While this may not currently impact you, if the surviving spouse wins a large lottery ticket, or comes into money for any other reason even after the first spouse’s death, having elected portability may result in a significant estate tax savings.
Do Not Resuscitate Order (DNR): A DNR is not prepared by your attorney. It is available to be signed in your physician’s office, and it states that if your heart stops, you do not want extraordinary measures taken to re-start it. A DNR is not interpreted to mean that you want to be taken off of medical machinery (and be allowed to die) if you are only being kept alive by such mechanical devices.
Passwords: Regrettably, I am electronically challenged. So, the best advice I can offer is that you need to figure out appropriate way to track all of your passwords and user ID information, and consider how to leave this information so that your attorney in fact, or personal representative can access it in the future. There is an old-school view, which is to write it all down and keep it in one place, and there are those who use the cloud or other programs.
Either way, while you still have capacity, think about and organize the information. From experience, the list should include bank accounts, ATM cards, brokerage access, credit and other loans, and even health-related information.
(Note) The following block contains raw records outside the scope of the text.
Lemma iterate_tail j i x : Rabs (iterate (S j + i) x - iterate (S j) x) <= tail_bound j.
Proof.
  assert (0 <= K).
  { eapply Rle_trans; [apply Rabs_pos | apply (K_bound 0); lra]. }
  assert (Hsum : Rabs (iterate (S j + i) x - iterate (S j) x)
                   <= K * al ^ S j * (1 - al ^ i) / (1 - al)).
  { induction i.
    - rewrite Nat.add_0_r, Rminus_eq_0, Rabs_R0. simpl pow. unfold Rdiv.
      rewrite Rminus_eq_0. lra.
    - rewrite Nat.add_succ_r.
      replace (iterate (S (S j + i)) x - iterate (S j) x) with
        ((iterate (S (S j + i)) x - iterate (S j + i)%nat x)
         + (iterate (S j + i)%nat x - iterate (S j) x)) by ring.
      eapply Rle_trans; [apply Rabs_triang|].
      pose proof (iterate_step (j + i) x) as E.
      replace (al ^ S (j + i)) with (al ^ S j * al ^ i) in E by (rewrite <- pow_add; reflexivity). change (S j + i)%nat with (S (j + i)) in IHi |- *.
      apply Rle_trans with (al ^ S j * al ^ i * K + K * al ^ S j * (1 - al ^ i) / (1 - al));
        [lra|]. right. simpl pow. field. lra. }
  eapply Rle_trans; [exact Hsum|]. unfold tail_bound, Rdiv.
  apply Rmult_le_compat_r; [left; apply Rinv_0_lt_compat; lra|].
  assert (0 <= al ^ i) by (apply pow_le; lra).
  assert (0 <= K * al ^ S j) by (apply Rmult_le_pos; auto; apply pow_le; lra). nra.
Qed.

Lemma tail_bound_small eps : 0 < eps -> exists j, tail_bound j < eps.
Proof.
  intros Heps.
  assert (0 <= K) by (eapply Rle_trans; [apply Rabs_pos | apply (K_bound 0); lra]).
  destruct (pow_small al al_range (eps * (1 - al) / (K + 1))) as [j Hj].
  { apply Rdiv_lt_0_compat; nra. }
  exists j. unfold tail_bound. simpl pow.
  assert (0 <= al ^ j) by (apply pow_le; lra).
  apply Rle_lt_trans with ((K + 1) * al ^ j / (1 - al)).
  - unfold Rdiv. apply Rmult_le_compat_r; [left; apply Rinv_0_lt_compat; lra|].
    assert (0 <= K * al ^ j) by (apply Rmult_le_pos; lra). nra.
  - apply Rmult_lt_reg_r with ((1 - al) / (K + 1)); [apply Rdiv_lt_0_compat; lra|].
    replace ((K + 1) * al ^ j / (1 - al) * ((1 - al) / (K + 1))) with (al ^ j) by (field; lra).
    replace (eps * ((1 - al) / (K + 1))) with (eps * (1 - al) / (K + 1)) by (field; lra).
    exact Hj.
Qed.

Lemma iterate_cauchy x : Cauchy_crit (fun j => iterate j x).
Proof.
  intros eps Heps. destruct (tail_bound_small (eps/2) ltac:(lra)) as [j Hj]. exists (S j).
  intros n m Hn Hm. unfold Rdist.
  replace n with (S j + (n - S j))%nat by lia. replace m with (S j + (m - S j))%nat by lia.
  replace (iterate (S j + (n - S j)) x - iterate (S j + (m - S j)) x) with
    ((iterate (S j + (n - S j)) x - iterate (S j) x)
     - (iterate (S j + (m - S j)) x - iterate (S j) x)) by ring.
  eapply Rle_lt_trans; [apply Rabs_triang|]. rewrite Rabs_Ropp.
  pose proof (iterate_tail j (n - S j) x). pose proof (iterate_tail j (m - S j) x). lra.
Qed.

Definition iterate_limit (x : R) : R := proj1_sig (Rcomplete.R_complete _ (iterate_cauchy x)).

Lemma iterate_limit_bound j x : Rabs (iterate_limit x - iterate (S j) x) <= tail_bound j.
Proof.
  assert (Hlim : Un_cv (fun m => iterate m x) (iterate_limit x)).
  { unfold iterate_limit. destruct (Rcomplete.R_complete _ (iterate_cauchy x)); auto. }
  apply le_epsilon. intros eps Heps. destruct (Hlim eps Heps) as [n Hn].
  specialize (Hn (S j + n)%nat ltac:(lia)). unfold Rdist in Hn.
  pose proof (iterate_tail j n x).
  replace (iterate_limit x - iterate (S j) x) with
    (- (iterate (S j + n) x - iterate_limit x) + (iterate (S j + n) x - iterate (S j) x)) by ring.
  eapply Rle_trans; [apply Rabs_triang|]. rewrite Rabs_Ropp. lra.
Qed.

Lemma iterate_limit_contf : contf iterate_limit.
Proof.
  intros x0. apply continuity_pt_eps. intros eps Heps.
  destruct (tail_bound_small (eps/3) ltac:(lra)) as [j Hj].
  destruct (proj1 (continuity_pt_eps _ x0) (iterate_contf (S j) x0) (eps/3) ltac:(lra))
    as [d [Hd Hx]].
  exists d; split; auto. intros x Hx1.
  replace (iterate_limit x - iterate_limit x0) with
    ((iterate_limit x - iterate (S j) x) + (iterate (S j) x - iterate (S j) x0)
     - (iterate_limit x0 - iterate (S j) x0)) by ring.
  eapply Rle_lt_trans; [apply Rabs_triang|].
  eapply Rle_lt_trans; [apply Rplus_le_compat_r, Rabs_triang|]. rewrite Rabs_Ropp.
  pose proof (iterate_limit_bound j x). pose proof (iterate_limit_bound j x0).
  pose proof (Hx x Hx1). lra.
Qed.

Lemma iterate_limit_fixed x : T iterate_limit x = iterate_limit x.
Proof.
  assert (0 <= K) by (eapply Rle_trans; [apply Rabs_pos | apply (K_bound 0); lra]).
  apply Rminus_diag_uniq. destruct (Req_dec (T iterate_limit x - iterate_limit x) 0) as [E|E];
    auto; exfalso.
  set (dlt := Rabs (T iterate_limit x - iterate_limit x)).
  assert (Hdlt : 0 < dlt) by (apply Rabs_pos_lt; auto).
  destruct (tail_bound_small (dlt/2) ltac:(lra)) as [j Hj].
  assert (H1 : Rabs (T iterate_limit x - T (iterate (S j)) x) <= al * tail_bound j).
  { apply T_contraction; auto using iterate_contf, iterate_limit_contf. intros y _.
    apply iterate_limit_bound. }
  pose proof (iterate_limit_bound (S j) x) as H2. change (iterate (S (S j)) x) with
    (T (iterate (S j)) x) in H2.
  assert (tail_bound (S j) = al * tail_bound j) by (unfold tail_bound; simpl pow; field; lra).
  assert (dlt <= Rabs (T iterate_limit x - T (iterate (S j)) x)
                 + Rabs (iterate_limit x - T (iterate (S j)) x)).
  { unfold dlt. replace (T iterate_limit x - iterate_limit x) with
      ((T iterate_limit x - T (iterate (S j)) x) - (iterate_limit x - T (iterate (S j)) x)) by ring.
    eapply Rle_trans; [apply Rabs_triang|]. rewrite Rabs_Ropp. lra. }
  pose proof (tail_bound_nonneg j ltac:(lra)). nra.
Qed.

End Iterates.

Lemma fixed_point_exists : exists psi, contf psi /\ forall x, T psi x = psi x.
Proof.
  destruct (contf_bounded_2 (fun x => iterate 1 x - iterate 0 x)) as [K HK].
  { intros x. apply continuity_pt_minus; apply iterate_contf. }
  exists (iterate_limit K HK). split.
  - apply iterate_limit_contf.
  - apply iterate_limit_fixed.
Qed.

Lemma fixed_point_stable T1 p1 p2 eps : contf p1 -> contf p2 ->
  (forall x, T1 p1 x = p1 x) -> (forall x, T p2 x = p2 x) ->
  (forall x, Rabs (T1 p1 x - T p1 x) <= eps) ->
  forall x, Rabs (p1 x - p2 x) <= eps / (1 - al).
Proof.
  intros H1 H2 F1 F2 He.
  assert (Heps : 0 <= eps) by (eapply Rle_trans; [apply Rabs_pos| apply (He 0)]).
  destruct (contf_bounded_2 (fun x => p1 x - p2 x)) as [D0 HD0].
  { intros x. apply continuity_pt_minus; auto. }
  assert (Hal1 : 0 < 1 - al) by lra.
  assert (Step : forall k, (forall x, -2 <= x <= 2 -> Rabs (p1 x - p2 x) <= k) ->
                  forall x, Rabs (p1 x - p2 x) <= eps + al * k).
  { intros k Hk x. rewrite <- (F1 x), <- (F2 x).
    replace (T1 p1 x - T p2 x) with ((T1 p1 x - T p1 x) + (T p1 x - T p2 x)) by ring.
    eapply Rle_trans; [apply Rabs_triang|].
    pose proof (He x). pose proof (T_contraction p1 p2 k H1 H2 Hk x). lra. }
  assert (Hq : eps <= eps / (1 - al)).
  { apply Rmult_le_reg_r with (1 - al); auto. unfold Rdiv.
    rewrite Rmult_assoc, Rinv_l by lra. nra. }
  assert (Cl : forall j x, Rabs (p1 x - p2 x) <= al ^ j * Rabs D0 + eps / (1 - al)).
  { induction j; intros x.
    - eapply Rle_trans; [apply Step; intros; eapply Rle_trans; [apply HD0; auto|apply Rle_abs]|].
      simpl pow. pose proof (Rabs_pos D0). nra.
    - eapply Rle_trans; [apply Step; intros y _; apply IHj|]. right. simpl pow. field. lra. }
  intros x. apply le_epsilon. intros d Hd.
  assert (HD : 0 <= Rabs D0) by apply Rabs_pos.
  destruct (pow_small al al_range (d / (Rabs D0 + 1))) as [j Hj]; [apply Rdiv_lt_0_compat; lra|].
  eapply Rle_trans; [apply (Cl j x)|].
  assert (al ^ j * Rabs D0 <= d).
  { apply Rle_trans with (d / (Rabs D0 + 1) * Rabs D0); [apply Rmult_le_compat_r; lra|].
    replace (d / (Rabs D0 + 1) * Rabs D0) with (d * (Rabs D0 / (Rabs D0 + 1))) by (field; lra).
    assert (Rabs D0 / (Rabs D0 + 1) <= 1).
    { apply Rmult_le_reg_r with (Rabs D0 + 1); [lra|].
      replace (Rabs D0 / (Rabs D0 + 1) * (Rabs D0 + 1)) with (Rabs D0) by (field; lra). lra. }
    nra. }
  lra.
Qed.

End Banach.

Section Construction.
(* N = m + 1 is the dimension parameter; q is the nonlinearity seen by the positive
   profile v, i.e. ((-v')^N)' = lam^N N r^(N-1) q(v). *)
Variable m : nat.
Local Notation N := (S m).
Variables (lam : R) (q : R -> R).
Hypothesis lam_pos : 0 < lam.
Hypothesis q_continuous : forall x, continuity_pt q x.
Hypothesis q_pos : forall x, 0 < x -> 0 < q x.

Definition qext (x : R) : R := Rmax 0 (q (Rabs x)).

(* With v = a (1 - e^2), the nonlinearity along the variable e = th. *)
Definition Qa (a th : R) : R := qext (a * (1 - th ^ 2)).

(* the kernel exp((N-1) psi) q(v) of the integral defining W *)
Definition Ka (a : R) (psi : R -> R) (th : R) : R := exp (INR m * psi th) * Qa a th.

Definition cW (a : R) : R := 2 * a * INR (S N) * lam ^ N.

Definition Iint (a : R) (psi : R -> R) (c : R) : R := param_int (fun t => t ^ N) (Ka a psi) c.

(* W(eta) = (-v')^(N+1) / e^(N+1), expressed through psi; the clamp makes it
   depend on psi only through its values on [-2,2]. *)
Definition Wa (a : R) (psi : R -> R) (eta : R) : R := cW a * Iint a psi (clamp eta).

Definition root_inv (W : R -> R) (th : R) : R := exp (- ln (W th) / INR (S N)).

(* 2a times the mean of W^(-1/(N+1)) over [0, eta]: the candidate for rho(eta)/eta *)
Definition Phi (a : R) (W : R -> R) (eta : R) : R :=
  2 * a * param_int (fun _ => 1) (root_inv W) eta.

(* The operator whose fixed point encodes a solution: exp (Ta psi) = Phi (Wa psi). *)
Definition Ta (a : R) (psi : R -> R) (eta : R) : R := ln (Phi a (Wa a psi) eta).

Lemma qext_continuous x : continuity_pt qext x.
Proof.
  unfold qext. apply (continuity_pt_nonexpansive_comp (Rmax 0) (fun x => q (Rabs x))).
  - intros u v. unfold Rmax. repeat destruct Rle_dec; unfold Rabs; repeat destruct Rcase_abs; lra.
  - apply (continuity_pt_comp Rabs q); [apply Rcontinuity_abs | apply q_continuous].
Qed.

Lemma qext_nonneg x : 0 <= qext x.
Proof. apply Rmax_l. Qed.

Lemma qext_eq x : 0 < x -> qext x = q x.
Proof.
  intros Hx. unfold qext. rewrite Rabs_right by lra.
  apply Rmax_right. left; apply q_pos; auto.
Qed.

Lemma Qa_eq a th : 0 < a * (1 - th ^ 2) -> Qa a th = q (a * (1 - th ^ 2)).
Proof. apply qext_eq. Qed.

Lemma Qa_continuous a th : continuity_pt (Qa a) th.
Proof.
  apply (continuity_pt_comp (fun th => a * (1 - th ^ 2)) qext); [|apply qext_continuous].
  apply continuity_pt_scal, continuity_pt_minus;
    [apply continuity_pt_const; intros u v; auto | apply pow_continuous].
Qed.

Lemma Ka_continuous a psi th : contf psi -> continuity_pt (Ka a psi) th.
Proof.
  intros Hp. apply continuity_pt_mult; [|apply Qa_continuous].
  apply (continuity_pt_comp (fun th => INR m * psi th) exp); [|apply exp_continuous].
  apply continuity_pt_scal, Hp.
Qed.

Lemma Ka_nonneg a psi th : 0 <= Ka a psi th.
Proof. apply Rmult_le_pos; [left; apply exp_pos | apply qext_nonneg]. Qed.

Lemma cW_pos a : 0 < a -> 0 < cW a.
Proof.
  intros Ha. unfold cW. repeat apply Rmult_lt_0_compat; try lra.
  - apply lt_0_INR; lia.
  - apply pow_lt; auto.
Qed.

Lemma ex_RInt_Iint a psi c : contf psi -> ex_RInt (fun t => t ^ N * Ka a psi (c * t)) 0 1.
Proof.
  intros Hp. apply ex_RInt_param; [intros; apply pow_continuous | intros; apply Ka_continuous; auto].
Qed.

Lemma Iint_continuous a psi c : contf psi -> continuity_pt (Iint a psi) c.
Proof.
  intros Hp. apply param_int_continuous; [intros; apply pow_continuous | apply pow_le_1 |].
  intros; apply Ka_continuous; auto.
Qed.
(* Let $(S,K,I)$ be a split graph, and let $u\in I$ and $z\in K$ be such that $uxz$ is a path in $A_4(S)$ for some $x\in K$. Then $u$ and $z$ are joined by a path $P$ in $A_4(S)$ with $V(P)\setminus\{z\}\subseteq I$ and $|V(P)|\le 4$.
   Context: All graphs are finite and simple. A split graph is a graph $S$ whose vertex set is a disjoint union $V(S)=K\,\dot\cup\,I$ with $K$ a clique and $I$ an independent set; $(K,I)$ is called a bipartition of $S$, and $(S,K,I)$ denotes $S$ together with this fixed bipartition. A 2-switch in a graph $G$ is performed on four distinct vertices $a,b,c,d$ with $ab,cd\in E(G)$ and $ac,bd\notin E(G)$: it deletes $ab,cd$ and adds $ac,bd$; $a,b,c,d$ are said to participate in it. $A_4(G)$ is the graph with vertex set $V(G)$ in which distinct $u,v$ are adjacent iff some 2-switch on $G$ has both $u$ and $v$ among its participating vertices. *)

From mathcomp Require Import all_boot.
Set Implicit Arguments. Unset Strict Implicit. Unset Printing Implicit Defensive.

Definition simple_graph (T : finType) (e : rel T) : Prop :=
  symmetric e /\ irreflexive e.

Definition split_bipartition (T : finType) (e : rel T) (K I : {set T}) : Prop :=
  [disjoint K & I] /\ K :|: I = [set: T] /\
  (forall x y, x \in K -> y \in K -> x != y -> e x y) /\
  (forall x y, x \in I -> y \in I -> ~~ e x y).

Definition two_switch (T : finType) (e : rel T) (a b c d : T) : bool :=
  [&& uniq [:: a; b; c; d], e a b, e c d, ~~ e a c & ~~ e b d].

Definition A4 (T : finType) (e : rel T) : rel T := fun u v =>
  (u != v) && [exists a, exists b, exists c, exists d,
     [&& two_switch e a b c d, u \in [:: a; b; c; d] & v \in [:: a; b; c; d]]].

From mathcomp Require Import all_boot.
Set Implicit Arguments. Unset Strict Implicit. Unset Printing Implicit Defensive.

(* In a split graph every 2-switch has the shape k1 i1 k2 i2 with k1, k2 in K,
   i1, i2 in I, edges k1 i1, k2 i2 and non-edges k1 i2, k2 i1.  Fix such
   switches realizing the A_4-edges xz and ux.  Depending on two adjacencies
   between z, u and the vertices of these switches, either u and z lie in a
   common 2-switch, or a third switch through two I-vertices y, i closes an
   A_4-path u y i z. *)

Section TwoSwitch.
Variables (T : finType) (e : rel T).

Lemma A4_neq v w : A4 e v w -> v != w.
Proof. by case/andP. Qed.

Lemma A4_two_switch a b c d v w : two_switch e a b c d ->
  v \in [:: a; b; c; d] -> w \in [:: a; b; c; d] -> v != w -> A4 e v w.
Proof.
move=> sw v_in w_in vw; rewrite /A4 vw.
apply/existsP; exists a; apply/existsP; exists b.
apply/existsP; exists c; apply/existsP; exists d.
by rewrite sw v_in w_in.
Qed.

Lemma two_switch_of_A4 v w : A4 e v w -> exists a b c d,
  [/\ two_switch e a b c d, v \in [:: a; b; c; d] & w \in [:: a; b; c; d]].
Proof.
case/andP=> _ /existsP [a /existsP [b /existsP [c /existsP [d]]]].
by case/and3P=> sw v_in w_in; exists a, b, c, d.
Qed.

End TwoSwitch.

Section ShortPath.
Variables (T : finType) (e : rel T) (I : {set T}).

Definition short_A4_path_via_I (u z : T) : Prop :=
  exists p : seq T,
    [/\ path (A4 e) u p, last u p = z, uniq (u :: p),
        all (fun v => (v == z) || (v \in I)) (u :: p)
      & size (u :: p) <= 4].

Lemma short_A4_path_via_I_edge u z : u \in I -> A4 e u z -> short_A4_path_via_I u z.
Proof.
move=> uI uz; exists [:: z]; split=> //=; first by rewrite uz.
  by rewrite inE (A4_neq uz).
by rewrite uI eqxx orbT.
Qed.

Lemma short_A4_path_via_I_path3 u y i z :
  u \in I -> y \in I -> i \in I -> z \notin I -> u != i ->
  A4 e u y -> A4 e y i -> A4 e i z -> short_A4_path_via_I u z.
Proof.
move=> uI yI iI zI ui uy yi iz; exists [:: y; i; z]; split=> //=.
- by rewrite uy yi iz.
- have neq_z v : v \in I -> v != z by move=> vI; apply: contraNneq zI => <-.
  by rewrite !inE !negb_or (A4_neq uy) (A4_neq yi) ui !neq_z.
- by rewrite uI yI iI eqxx !orbT.
Qed.

End ShortPath.

Section SplitGraph.
Variables (T : finType) (e : rel T) (K I : {set T}).
Hypothesis e_sym : symmetric e.
Hypothesis split : split_bipartition e K I.

Lemma split_memI t : (t \in I) = (t \notin K).
Proof.
have [KI [cover _]] := split.
have : t \in K :|: I by rewrite cover inE.
rewrite inE; case tK: (t \in K) => //= _.
by rewrite (disjointFr KI tK).
Qed.

Lemma split_adjK v w : v \in K -> w \in K -> v != w -> e v w.
Proof. by have [_ [_ [cliqueK _]]] := split; apply: cliqueK. Qed.

Lemma split_adjI v w : v \in I -> e v w -> w \in K.
Proof.
have [_ [_ [_ indepI]]] := split.
by move=> vI; apply: contraTT; rewrite -split_memI => wI; apply: indepI.
Qed.

Lemma split_neqIK i k : i \in I -> k \in K -> i != k.
Proof. by rewrite split_memI => iK kK; apply: contraNneq iK => ->. Qed.

Definition split_switch (k1 i1 k2 i2 : T) : Prop :=
  [/\ k1 \in K, k2 \in K, i1 \in I & i2 \in I] /\
  [/\ e k1 i1, e k2 i2, ~~ e k1 i2 & ~~ e k2 i1].

Lemma split_switchC k1 i1 k2 i2 :
  split_switch k1 i1 k2 i2 -> split_switch k2 i2 k1 i1.
Proof. by case=> [[? ? ? ?] [? ? ? ?]]. Qed.

Lemma split_switch_two_switch k1 i1 k2 i2 :
  split_switch k1 i1 k2 i2 -> two_switch e k1 i1 i2 k2.
Proof.
case=> [[k1K k2K i1I i2I] [e11 e22 n12 n21]].
have neqKI k i : k \in K -> i \in I -> (k == i) = false.
  by move=> kK iI; rewrite eq_sym (negbTE (split_neqIK iI kK)).
have k12 : (k1 == k2) = false by apply/eqP=> k12; move: n21; rewrite -k12 e11.
have i12 : (i1 == i2) = false by apply/eqP=> i12; move: n12; rewrite -i12 e11.
rewrite /two_switch /= !inE e11 (e_sym i2) e22 n12 (e_sym i1) n21.
by rewrite k12 i12 (eq_sym i1) (eq_sym i2) !neqKI.
Qed.

Lemma split_switch_of_two_switch a b c d : two_switch e a b c d ->
  split_switch a b d c \/ split_switch b a c d.
Proof.
case/and5P=> uniq_abcd eab ecd nac nbd.
move: uniq_abcd; rewrite /= !inE !negb_or.
case/and4P=> /and3P [_ ac _] /andP [_ bd] _ _.
have [aK | aI] := boolP (a \in K); [left | right; rewrite -split_memI in aI].
- have cI : c \in I.
    by rewrite split_memI; apply: contraNN nac => /(split_adjK aK); apply.
  have dK : d \in K by apply: split_adjI cI ecd.
  have bI : b \in I by rewrite split_memI; apply: contraNN nbd => /split_adjK; apply.
  by split; split; rewrite // e_sym.
- have bK : b \in K by apply: split_adjI aI eab.
  have dI : d \in I.
    by rewrite split_memI; apply: contraNN nbd => /(split_adjK bK); apply.
  have cK : c \in K by apply: (split_adjI dI); rewrite e_sym.
  by split; split; rewrite // e_sym.
Qed.

Lemma split_switch_of_A4 v w : A4 e v w -> exists k1 i1 k2 i2,
  [/\ split_switch k1 i1 k2 i2, v \in [:: k1; i1; k2; i2]
    & w \in [:: k1; i1; k2; i2]].
Proof.
case/two_switch_of_A4=> [a [b [c [d [sw v_in w_in]]]]].
have [ssw | ssw] := split_switch_of_two_switch sw.
- have /perm_mem eq_mem : perm_eq [:: a; b; c; d] [:: a; b; d; c].
    by rewrite !perm_cons (perm_catC [:: c]).
  by exists a, b, d, c; rewrite -!eq_mem.
- have /perm_mem eq_mem : perm_eq [:: a; b; c; d] [:: b; a; c; d].
    by rewrite (perm_catCA [:: a] [:: b]).
  by exists b, a, c, d; rewrite -!eq_mem.
Qed.

Lemma split_switch_memK k1 i1 k2 i2 t : split_switch k1 i1 k2 i2 ->
  t \in [:: k1; i1; k2; i2] -> t \in K -> t = k1 \/ t = k2.
Proof.
case=> [[_ _ i1I i2I] _]; rewrite !split_memI in i1I i2I.
by rewrite !inE => /or4P [] /eqP -> tK; [left | move: i1I | right | move: i2I];
  rewrite ?tK.
Qed.

Lemma split_switch_memI k1 i1 k2 i2 t : split_switch k1 i1 k2 i2 ->
  t \in [:: k1; i1; k2; i2] -> t \in I -> t = i1 \/ t = i2.
Proof.
case=> [[k1K k2K _ _] _].
by rewrite !inE => /or4P [] /eqP -> tI; [move: tI | left | move: tI | right];
  rewrite ?split_memI ?k1K ?k2K.
Qed.

Lemma split_switch_of_A4_KK v w : A4 e v w -> v \in K -> w \in K ->
  exists i j, split_switch v i w j.
Proof.
move=> vw; have := A4_neq vw.
case/split_switch_of_A4: vw => [k1 [i1 [k2 [i2 [sw v_in w_in]]]]] nvw vK wK.
case: (split_switch_memK sw v_in vK) (split_switch_memK sw w_in wK) nvw
  => -> [] ->; rewrite ?eqxx // => _.
- by exists i1, i2.
- by exists i2, i1; apply: split_switchC.
Qed.

Lemma split_switch_of_A4_IK v w : A4 e v w -> v \in I -> w \in K ->
  (exists k i, split_switch w v k i) \/ (exists k i, split_switch k v w i).
Proof.
case/split_switch_of_A4=> [k1 [i1 [k2 [i2 [sw v_in w_in]]]]] vI wK.
have swC := split_switchC sw.
case: (split_switch_memI sw v_in vI) (split_switch_memK sw w_in wK) => -> [] ->.
- by left; exists k2, i2.
- by right; exists k1, i2.
- by right; exists k2, i1.
- by left; exists k1, i1.
Qed.

Lemma split_switch_A4 k1 i1 k2 i2 : split_switch k1 i1 k2 i2 ->
  [/\ A4 e i1 k1, A4 e i1 k2 & A4 e i1 i2].
Proof.
move=> sw; have tw := split_switch_two_switch sw.
have [[k1K k2K i1I i2I] [e11 _ n12 _]] := sw.
have i12 : i1 != i2 by apply: contraNneq n12 => <-.
by split; apply: (A4_two_switch tw); rewrite ?inE ?eqxx ?orbT //; apply: split_neqIK.
Qed.

Lemma short_A4_path_via_I_partner x i z j u w y :
  split_switch x i z j -> split_switch x u w y -> short_A4_path_via_I e I u z.
Proof.
move=> sxz sxu.
have [[xK zK iI jI] [exi ezj nxj nzi]] := sxz.
have [[_ wK uI yI] [exu ewy nxy nwu]] := sxu.
have [ezu | nzu] := boolP (e z u); last first.
  have sxuz : split_switch x u z j by split; split.
  by have [_ uz _] := split_switch_A4 sxuz; apply: short_A4_path_via_I_edge.
have [ezy | nzy] := boolP (e z y); last first.
  have szu : split_switch z u w y by split; split.
  by have [uz _ _] := split_switch_A4 szu; apply: short_A4_path_via_I_edge.
have szy : split_switch z y x i by split; split.
have [_ _ uy] := split_switch_A4 sxu.
have [_ _ yi] := split_switch_A4 szy.
have [_ iz _] := split_switch_A4 sxz.
apply: (short_A4_path_via_I_path3 uI yI iI _ _ uy yi iz).
- by rewrite split_memI negbK.
- by apply: contraNneq nzi => <-.
Qed.

Lemma short_A4_path_via_I_opposite x i z j u w y :
  split_switch x i z j -> split_switch w u x y -> short_A4_path_via_I e I u z.
Proof.
move=> sxz swu.
have [[xK zK iI jI] [exi ezj nxj nzi]] := sxz.
have [[wK _ uI yI] [ewu exy nwy nxu]] := swu.
have [ezu | nzu] := boolP (e z u).
  have szu : split_switch z u x i by split; split.
  by have [uz _ _] := split_switch_A4 szu; apply: short_A4_path_via_I_edge.
have [ewj | nwj] := boolP (e w j); last first.
  have swz : split_switch w u z j by split; split.
  by have [_ uz _] := split_switch_A4 swz; apply: short_A4_path_via_I_edge.
have sxj : split_switch x y w j by split; split.
have [_ _ uy] := split_switch_A4 swu.
have [_ _ yj] := split_switch_A4 sxj.
have [jz _ _] := split_switch_A4 (split_switchC sxz).
apply: (short_A4_path_via_I_path3 uI yI jI _ _ uy yj jz).
- by rewrite split_memI negbK.
- by apply: contraNneq nzu => ->.
Qed.

End SplitGraph.

Theorem lemma2p3 (T : finType) (e : rel T) (K I : {set T}) (u z x : T) :
  simple_graph e -> split_bipartition e K I ->
  u \in I -> z \in K -> x \in K ->
  uniq [:: u; x; z] -> A4 e u x -> A4 e x z ->
  exists p : seq T,
    [/\ path (A4 e) u p, last u p = z, uniq (u :: p),
        all (fun v => (v == z) || (v \in I)) (u :: p)
      & size (u :: p) <= 4].
Proof.
move=> [e_sym _] split uI zK xK _ ux xz.
have [i [j sxz]] := split_switch_of_A4_KK e_sym split xz xK zK.
have [[w [y sxu]] | [w [y swu]]] := split_switch_of_A4_IK e_sym split ux uI xK.
- exact: short_A4_path_via_I_partner sxz sxu.
- exact: short_A4_path_via_I_opposite sxz swu.
Qed.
Document the answers to applicable security questions. From a practical perspective, it is frequently very hard for your AIF to establish online access; it is much easier to continue access which you have established. Yet, where many AIF’s do not live proximate to the principal, online access is the best solution. So before your memory fades, or an unexpected accident arises, consider whether you want to figure out a solution that makes it much easier for those who might have to assist you.
Important papers: Organize a filing system for important papers. Whether alphabetical, or by category (bank papers, insurance, etc.) consider putting all important papers in one place. Documents to be retained include Social Security cards, copies of birth certificates, legal documents (will, trust, HCP, DPA, marriage license or divorce decree, and funeral-related paperwork). Include on this list your children or next of kin and their addresses. If you should die, and a non-family member is involved, it makes locating family much easier.
This checklist provides a starting point. For more information, contact an estate planning professional for a comprehensive review of your plans.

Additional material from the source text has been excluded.